=== Excerpted records ===

(* exponent (1/2)(m n^2 - (m-2) n) t  =  t * (m * n(n-1)/2 + n) *)
Definition expo (m t n : nat) : nat := (t * (m * (n * n.-1 %/ 2) + n))%N.

(* sum_{n>=0} (-1)^n q^{expo m t n}; since expo m t n >= n for t, m >= 1,
   only n <= N can contribute to the coefficient of q^N. *)
Definition theta_series (m t : nat) : fps :=
  fun N => \sum_(n < N.+1 | expo m t n == N) (-1) ^+ n.

(* Write a_j := t + j m t, so that a_0 < a_1 < ... are the positive integers
   congruent to t modulo mt.  If a_0, ..., a_(J-1) are parts of a partition and
   a_J is not, its mex is a_J, and the mex condition says that J is even, i.e.
   that sum_(j <= J) (-1)^j = 1.  Summing over the partitions of N and exchanging
   the sums, p_(mt,t)(N) is the alternating sum over j of the number of
   partitions of N having a_0, ..., a_(j-1) among their parts.  Removing these
   distinct parts shows that this number is p(N - e_j), where
   e_j = a_0 + ... + a_(j-1) = t (m j (j-1)/2 + j).  Hence p_(mt,t)(N) is the
   coefficient of q^N in P(q) sum_j (-1)^j q^(e_j), where P(q) = sum_n p(n) q^n
   is 1/(q;q)_oo by Euler's identity; the latter follows from the recursion
   p_(<=k)(n) = p_(<=k-1)(n) + p_(<=k)(n-k) for partitions into parts at most k. *)

From mathcomp Require Import all_boot all_order all_algebra.
From mathcomp Require Import zify ring.
Set Implicit Arguments. Unset Strict Implicit. Unset Printing Implicit Defensive.
Import GRing.Theory.

Lemma mem_leq_sumn (s : seq nat) x : x \in s -> x <= sumn s.
Proof. by move=> /perm_to_rem/perm_sumn ->; apply: leq_addr. Qed.

Lemma size_leq_sumn (s : seq nat) : all (fun x => 0 < x) s -> size s <= sumn s.
Proof. by elim: s => //= x s IH /andP[x_gt0 /IH]; lia. Qed.

Lemma all_seqs_complete n (s : seq nat) :
  all (fun x => 0 < x <= n) s -> s \in all_seqs (size s) n.
Proof.
elim: s => [|x s IH] /=; first by rewrite inE.
case/andP=> x_bnd s_bnd; apply/allpairsP; exists (x, s); split=> //=; last exact: IH.
by rewrite mem_iota; lia.
Qed.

===

*Problem details*. What is needed is an exact repetition of all the entries above.

*Exercise answer*.
(* exponent (1/2)(m n^2 - (m-2) n) t  =  t * (m * n(n-1)/2 + n) *)
Definition expo (m t n : nat) : nat := (t * (m * (n * n.-1 %/ 2) + n))%N.

(* sum_{n>=0} (-1)^n q^{expo m t n}; since expo m t n >= n for t, m >= 1,
   only n <= N can contribute to the coefficient of q^N. *)
Definition theta_series (m t : nat) : fps :=
  fun N => \sum_(n < N.+1 | expo m t n == N) (-1) ^+ n.

(* Write a_j := t + j m t, so that a_0 < a_1 < ... are the positive integers
   congruent to t modulo mt.  If a_0, ..., a_(J-1) are parts of a partition and
   a_J is not, its mex is a_J, and the mex condition says that J is even, i.e.
   that sum_(j <= J) (-1)^j = 1.  Summing over the partitions of N and exchanging
   the sums, p_(mt,t)(N) is the alternating sum over j of the number of
   partitions of N having a_0, ..., a_(j-1) among their parts.  Removing these
   distinct parts shows that this number is p(N - e_j), where
   e_j = a_0 + ... + a_(j-1) = t (m j (j-1)/2 + j).  Hence p_(mt,t)(N) is the
   coefficient of q^N in P(q) sum_j (-1)^j q^(e_j), where P(q) = sum_n p(n) q^n
   is 1/(q;q)_oo by Euler's identity; the latter follows from the recursion
   p_(<=k)(n) = p_(<=k-1)(n) + p_(<=k)(n-k) for partitions into parts at most k. *)

From mathcomp Require Import all_boot all_order all_algebra.
From mathcomp Require Import zify ring.
Set Implicit Arguments. Unset Strict Implicit. Unset Printing Implicit Defensive.
Import GRing.Theory.

Lemma mem_leq_sumn (s : seq nat) x : x \in s -> x <= sumn s.
Proof. by move=> /perm_to_rem/perm_sumn ->; apply: leq_addr. Qed.

Lemma size_leq_sumn (s : seq nat) : all (fun x => 0 < x) s -> size s <= sumn s.
Proof. by elim: s => //= x s IH /andP[x_gt0 /IH]; lia. Qed.

Lemma all_seqs_complete n (s : seq nat) :
  all (fun x => 0 < x <= n) s -> s \in all_seqs (size s) n.
Proof.
elim: s => [|x s IH] /=; first by rewrite inE.
case/andP=> x_bnd s_bnd; apply/allpairsP; exists (x, s); split=> //=; last exact: IH.
by rewrite mem_iota; lia.
Qed.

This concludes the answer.